Lemma hardy_pointwise (q P D Y V X K s a : R) :
  0 <= q -> 0 < P -> 0 < s -> D ^ 2 = 1 - K * P ^ 2 -> 0 <= Y <= s * P ->
  let c := / (2 * s ^ 2) in
  a ^ 2 * (q * P ^ 2 * (X ^ 2 / P ^ 2))
    + / 4 * (/ s ^ 2 - 4 * a * (a + 1) * K) * (q * P ^ 2 * X ^ 2)
  <= q * P ^ 2 * V ^ 2
     + (2 * a * D * q * (a * D + c * Y) + q * P * (- a * K * P + c * P)) * X ^ 2
     + q * P * (a * D + c * Y) * (2 * V * X).
Proof.
  intros Hq HP Hs HD HY c.
  assert (Hsquares :
    q * P ^ 2 * V ^ 2
      + (2 * a * D * q * (a * D + c * Y) + q * P * (- a * K * P + c * P)) * X ^ 2
      + q * P * (a * D + c * Y) * (2 * V * X)
    - (a ^ 2 * (q * P ^ 2 * (X ^ 2 / P ^ 2))
       + / 4 * (/ s ^ 2 - 4 * a * (a + 1) * K) * (q * P ^ 2 * X ^ 2))
    = q * (P * V + (a * D + c * Y) * X) ^ 2
      + q * X ^ 2 * c ^ 2 * ((s * P) ^ 2 - Y ^ 2)
      + a ^ 2 * q * X ^ 2 * (D ^ 2 - (1 - K * P ^ 2))).
  { unfold c. field. lra. }
  rewrite HD, Rminus_diag, Rmult_0_r, Rplus_0_r in Hsquares.
  assert (0 <= q * (P * V + (a * D + c * Y) * X) ^ 2)
    by (apply Rmult_le_pos; [lra | apply pow2_ge_0]).
  assert (0 <= q * X ^ 2 * c ^ 2 * ((s * P) ^ 2 - Y ^ 2)).
  { apply Rmult_le_pos; [| nra].
    apply Rmult_le_pos; [apply Rmult_le_pos; [lra | apply pow2_ge_0] | apply pow2_ge_0]. }
  lra.
Qed.

Section WeightedHardy.

Variables (p dp Ph xi : R -> R) (K s Rr : R) (n : nat).

Hypotheses
  (Hn : (3 <= n)%nat)
  (Hp : forall x, is_derive p x (dp x))
  (Hdp : forall x, is_derive dp x (- K * p x))
  (HPh : forall x, is_derive Ph x (p x))
  (Hdp_sqr : forall x, dp x ^ 2 = 1 - K * p x ^ 2)
  (Hp0 : p 0 = 0)
  (Hp_pos : forall r, 0 < r < Rr -> 0 < p r)
  (HPh_bound : forall r, 0 < r < Rr -> 0 <= Ph r <= s * p r)
  (Hs : 0 < s)
  (HRr : 0 < Rr)
  (Hxi : forall r, ex_derive xi r)
  (Hxi' : forall r, continuous (Derive xi) r)
  (Hxi_Rr : xi Rr = 0).

Let a := (INR n - 2) / 2.
Let c := / (2 * s ^ 2).
Let F r := p r ^ (n - 2) * (a * dp r + c * Ph r).
Let dF r := INR (n - 2) * dp r * p r ^ (n - 3) * (a * dp r + c * Ph r)
            + p r ^ (n - 2) * (- a * K * p r + c * p r).
Let G r := F r * xi r ^ 2.
Let dG r := dF r * xi r ^ 2 + F r * (2 * Derive xi r * xi r).

Lemma is_derive_G x : is_derive G x (dG x).
Proof.
  unfold G, dG, dF, F.
  auto_derive.
  - repeat split; solve [apply Hxi | eexists; eauto].
  - rewrite (is_derive_unique (fun t : R => p t) x _ (Hp x)),
      (is_derive_unique (fun t : R => dp t) x _ (Hdp x)),
      (is_derive_unique (fun t : R => Ph t) x _ (HPh x)).
    replace (Init.Nat.pred (n - 2)) with (n - 3)%nat by lia.
    change (Derive (fun t : R => xi t) x) with (Derive xi x).
    ring.
Qed.

Lemma continuous_dG x : continuous dG x.
Proof.
  pose proof (is_derive_continuous _ _ _ (Hp x)).
  pose proof (is_derive_continuous _ _ _ (Hdp x)).
  pose proof (is_derive_continuous _ _ _ (HPh x)).
  pose proof (ex_derive_continuous (V := R_NormedModule) xi x (Hxi x)).
  pose proof (Hxi' x).
  unfold dG, dF, F. solve_continuous.
Qed.

Lemma RInt_dG : RInt dG 0 Rr = 0.
Proof.
  assert (H : is_RInt dG 0 Rr (minus (G Rr) (G 0))).
  { apply (is_RInt_derive (V := R_CompleteNormedModule)); intros x _;
      [apply is_derive_G | apply continuous_dG]. }
  rewrite (is_RInt_unique _ _ _ _ H).
  change (G Rr - G 0 = 0). unfold G, F.
  rewrite Hxi_Rr, Hp0, (pow_i (n - 2)) by lia. ring.
Qed.

Lemma weighted_hardy_pointwise r : 0 < r < Rr ->
  (INR n - 2) ^ 2 / 4 * (p r ^ (n - 1) * (xi r ^ 2 / p r ^ 2))
  + / 4 * (/ s ^ 2 - INR n * (INR n - 2) * K) * (p r ^ (n - 1) * xi r ^ 2)
  <= p r ^ (n - 1) * Derive xi r ^ 2 + dG r.
Proof.
  intros Hr.
  pose proof (Hp_pos r Hr) as HP.
  assert (Hq : 0 <= p r ^ (n - 3)) by (apply pow_le; lra).
  pose proof (hardy_pointwise _ _ _ _ (Derive xi r) (xi r) K s a Hq HP Hs
                (Hdp_sqr r) (HPh_bound r Hr)) as H.
  unfold dG, dF, F.
  rewrite (minus_INR n 2) by lia.
  replace (n - 2)%nat with (S (n - 3)) by lia.
  replace (n - 1)%nat with (S (S (n - 3))) by lia.
  simpl pow. simpl INR.
  unfold a, c in *.
  eapply Rle_trans; [apply Req_le | eapply Rle_trans; [exact H | apply Req_le]];
    field; lra.
Qed.

Lemma ex_RInt_weighted (f : R -> R) (k : nat) :
  (forall r, continuous f r) -> ex_RInt (fun r => p r ^ k * f r ^ 2) 0 Rr.
Proof.
  intros Hf. apply (ex_RInt_continuous (V := R_CompleteNormedModule)); intros x _.
  pose proof (is_derive_continuous _ _ _ (Hp x)). pose proof (Hf x).
  solve_continuous.
Qed.

Lemma weighted_hardy :
  RInt (fun r => p r ^ (n - 1) * Derive xi r ^ 2) 0 Rr >=
    (INR n - 2) ^ 2 / 4 * RInt (fun r => p r ^ (n - 1) * (xi r ^ 2 / p r ^ 2)) 0 Rr
    + / 4 * (/ s ^ 2 - INR n * (INR n - 2) * K) * RInt (fun r => p r ^ (n - 1) * xi r ^ 2) 0 Rr.
Proof.
  pose proof (ex_derive_continuous (V := R_NormedModule) xi) as Hxi_cont.
  apply Rle_ge, (RInt_lincomb_le _ dG); try lra.
  - apply ex_RInt_weighted; exact Hxi'.
  - apply (ex_RInt_continuous (V := R_CompleteNormedModule)); intros x _.
    apply continuous_dG.
  - apply (ex_RInt_ext (fun r => p r ^ (n - 3) * xi r ^ 2)).
    + rewrite Rmin_left, Rmax_right by lra. intros x Hx.
      pose proof (Hp_pos x Hx).
      replace (n - 1)%nat with (S (S (n - 3))) by lia. simpl. field. lra.
    + apply ex_RInt_weighted; intros r; apply Hxi_cont, Hxi.
  - apply ex_RInt_weighted; intros r; apply Hxi_cont, Hxi.
  - exact RInt_dG.
  - exact weighted_hardy_pointwise.
Qed.

Lemma RInt_weighted_nonneg :
  0 <= RInt (fun r => p r ^ (n - 1) * xi r ^ 2) 0 Rr.
Proof.
  apply RInt_ge_0; [lra | | ].
  - apply ex_RInt_weighted; intros r; apply (ex_derive_continuous (V := R_NormedModule)), Hxi.
  - intros x Hx. pose proof (Hp_pos x Hx).
    apply Rmult_le_pos; [apply pow_le; lra | apply pow2_ge_0].
Qed.

End WeightedHardy.

Lemma exp_mul_exp_opp x : exp x * exp (- x) = 1.
Proof. rewrite <- exp_plus, Rplus_opp_r. apply exp_0. Qed.

Lemma cosh_sub_1_pos r : 0 < r -> 0 < cosh r - 1.
Proof.
  intros Hr. unfold cosh.
  pose proof (exp_mul_exp_opp r). pose proof (exp_pos (- r)).
  assert (1 < exp r) by (rewrite <- exp_0; apply exp_increasing; lra).
  nra.
Qed.

Lemma cosh_sub_1_le_sinh r : 0 <= r -> cosh r - 1 <= sinh r.
Proof.
  intros Hr. unfold cosh, sinh.
  assert (exp (- r) <= 1).
  { rewrite <- exp_0. destruct Hr as [Hr | <-].
    - left. apply exp_increasing. lra.
    - rewrite Ropp_0. lra. }
  lra.
Qed.

Lemma one_sub_cos_eq_tan_half_mul_sin r :
  cos (r / 2) <> 0 -> 1 - cos r = tan (r / 2) * sin r.
Proof.
  intros Hc. replace r with (2 * (r / 2)) at 1 3 by field.
  rewrite cos_2a_sin, sin_2a. unfold tan. field. exact Hc.
Qed.

Definition dpsi (m : model) (r : R) : R :=
  match m with Hyperbolic => cosh r | Elliptic => cos r end.

Definition phi_closed (m : model) (r : R) : R :=
  match m with Hyperbolic => cosh r - 1 | Elliptic => 1 - cos r end.

Lemma is_derive_psi m x : is_derive (psi m) x (dpsi m x).
Proof.
  destruct m; apply is_derive_Reals;
    [apply derivable_pt_lim_sinh | apply derivable_pt_lim_sin].
Qed.

Lemma is_derive_dpsi m x : is_derive (dpsi m) x (- Kpsi m * psi m x).
Proof.
  destruct m; simpl; apply is_derive_Reals.
  - replace (- -1 * sinh x) with (sinh x) by ring. apply derivable_pt_lim_cosh.
  - replace (- (1) * sin x) with (- sin x) by ring. apply derivable_pt_lim_cos.
Qed.

Lemma is_derive_phi_closed m x : is_derive (phi_closed m) x (psi m x).
Proof.
  destruct m; simpl; apply is_derive_Reals.
  - replace (sinh x) with (sinh x - 0) by ring.
    apply derivable_pt_lim_minus; [apply derivable_pt_lim_cosh | apply derivable_pt_lim_const].
  - replace (sin x) with (0 - - sin x) by ring.
    apply derivable_pt_lim_minus; [apply derivable_pt_lim_const | apply derivable_pt_lim_cos].
Qed.

Lemma dpsi_sqr m x : dpsi m x ^ 2 = 1 - Kpsi m * psi m x ^ 2.
Proof.
  destruct m; simpl.
  - unfold cosh, sinh. pose proof (exp_mul_exp_opp x). nra.
  - pose proof (sin2_cos2 x) as H. unfold Rsqr in H. nra.
Qed.

Lemma psi_0 m : psi m 0 = 0.
Proof. destruct m; simpl; [apply sinh_0 | apply sin_0]. Qed.

Lemma phi_closed_0 m : phi_closed m 0 = 0.
Proof. destruct m; simpl; [rewrite cosh_0 | rewrite cos_0]; ring. Qed.

Lemma psi_pos m Rr r : admissible_radius m Rr -> 0 < r < Rr -> 0 < psi m r.
Proof.
  destruct m; simpl; intros HR Hr.
  - rewrite <- sinh_0. apply sinh_lt. lra.
  - apply sin_gt_0; lra.
Qed.

Lemma phi_eq_phi_closed m r : phi m r = phi_closed m r.
Proof.
  assert (H : is_RInt (psi m) 0 r (minus (phi_closed m r) (phi_closed m 0))).
  { apply (is_RInt_derive (V := R_CompleteNormedModule)); intros x _.
    - apply is_derive_phi_closed.
    - exact (is_derive_continuous _ _ _ (is_derive_psi m x)). }
  unfold phi. rewrite (is_RInt_unique _ _ _ _ H).
  change (phi_closed m r - phi_closed m 0 = phi_closed m r).
  rewrite phi_closed_0. ring.
Qed.

Lemma is_derive_phi m x : is_derive (phi m) x (psi m x).
Proof.
  apply (is_derive_ext (phi_closed m)); [intros t; symmetry; apply phi_eq_phi_closed |].
  apply is_derive_phi_closed.
Qed.

Lemma elliptic_phi_closed_le r t :
  0 < r <= t -> t < PI -> phi_closed Elliptic r <= tan (t / 2) * psi Elliptic r.
Proof.
  intros Hr Ht. simpl.
  assert (Hcos : cos (r / 2) <> 0) by (apply Rgt_not_eq, cos_gt_0; lra).
  rewrite (one_sub_cos_eq_tan_half_mul_sin r Hcos).
  apply Rmult_le_compat_r; [left; apply sin_gt_0; lra |].
  destruct (Req_dec r t) as [-> | Hne]; [lra |].
  left. apply tan_increasing; lra.
Qed.

Lemma phi_closed_pos m Rr r : admissible_radius m Rr -> 0 < r < Rr -> 0 < phi_closed m r.
Proof.
  destruct m; simpl; intros HR Hr.
  - apply cosh_sub_1_pos. lra.
  - rewrite <- cos_0. assert (cos r < cos 0) by (apply cos_decreasing_1; lra). lra.
Qed.

Lemma phi_closed_bounded m Rr : admissible_radius m Rr ->
  exists M, forall r, 0 < r < Rr -> phi_closed m r <= M * psi m r.
Proof.
  destruct m; simpl; intros HR.
  - exists 1. intros r Hr. rewrite Rmult_1_l. apply cosh_sub_1_le_sinh. lra.
  - exists (tan (Rr / 2)). intros r Hr. apply elliptic_phi_closed_le; lra.
Qed.

Lemma sup_set_ge (E : R -> Prop) (M y : R) :
  (forall z, E z -> z <= M) -> E y -> y <= sup_set E.
Proof.
  intros HM Hy. unfold sup_set.
  destruct (Lub_Rbar_correct E) as [Hub Hleast].
  assert (HbM : is_ub_Rbar E M) by (intros z Hz; apply HM, Hz).
  specialize (Hleast _ HbM). specialize (Hub y Hy).
  destruct (Lub_Rbar E); simpl in *; tauto.
Qed.

Lemma sup_set_le (E : R -> Prop) (M y : R) :
  (forall z, E z -> z <= M) -> E y -> sup_set E <= M.
Proof.
  intros HM Hy. unfold sup_set.
  destruct (Lub_Rbar_correct E) as [Hub Hleast].
  assert (HbM : is_ub_Rbar E M) by (intros z Hz; apply HM, Hz).
  specialize (Hleast _ HbM). specialize (Hub y Hy).
  destruct (Lub_Rbar E); simpl in *; tauto.
Qed.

__Instructions for the task__
Every line with "forall" in it should be copied from the entries.

__Final answer__
  (Hp : forall x, is_derive p x (dp x))
  (Hdp : forall x, is_derive dp x (- K * p x))
  (HPh : forall x, is_derive Ph x (p x))
  (Hdp_sqr : forall x, dp x ^ 2 = 1 - K * p x ^ 2)
  (Hp_pos : forall r, 0 < r < Rr -> 0 < p r)
  (HPh_bound : forall r, 0 < r < Rr -> 0 <= Ph r <= s * p r)
  (Hxi : forall r, ex_derive xi r)
  (Hxi' : forall r, continuous (Derive xi) r)
  (forall r, continuous f r) -> ex_RInt (fun r => p r ^ k * f r ^ 2) 0 Rr.
  exists M, forall r, 0 < r < Rr -> phi_closed m r <= M * psi m r.
  (forall z, E z -> z <= M) -> E y -> y <= sup_set E.
  (forall z, E z -> z <= M) -> E y -> sup_set E <= M.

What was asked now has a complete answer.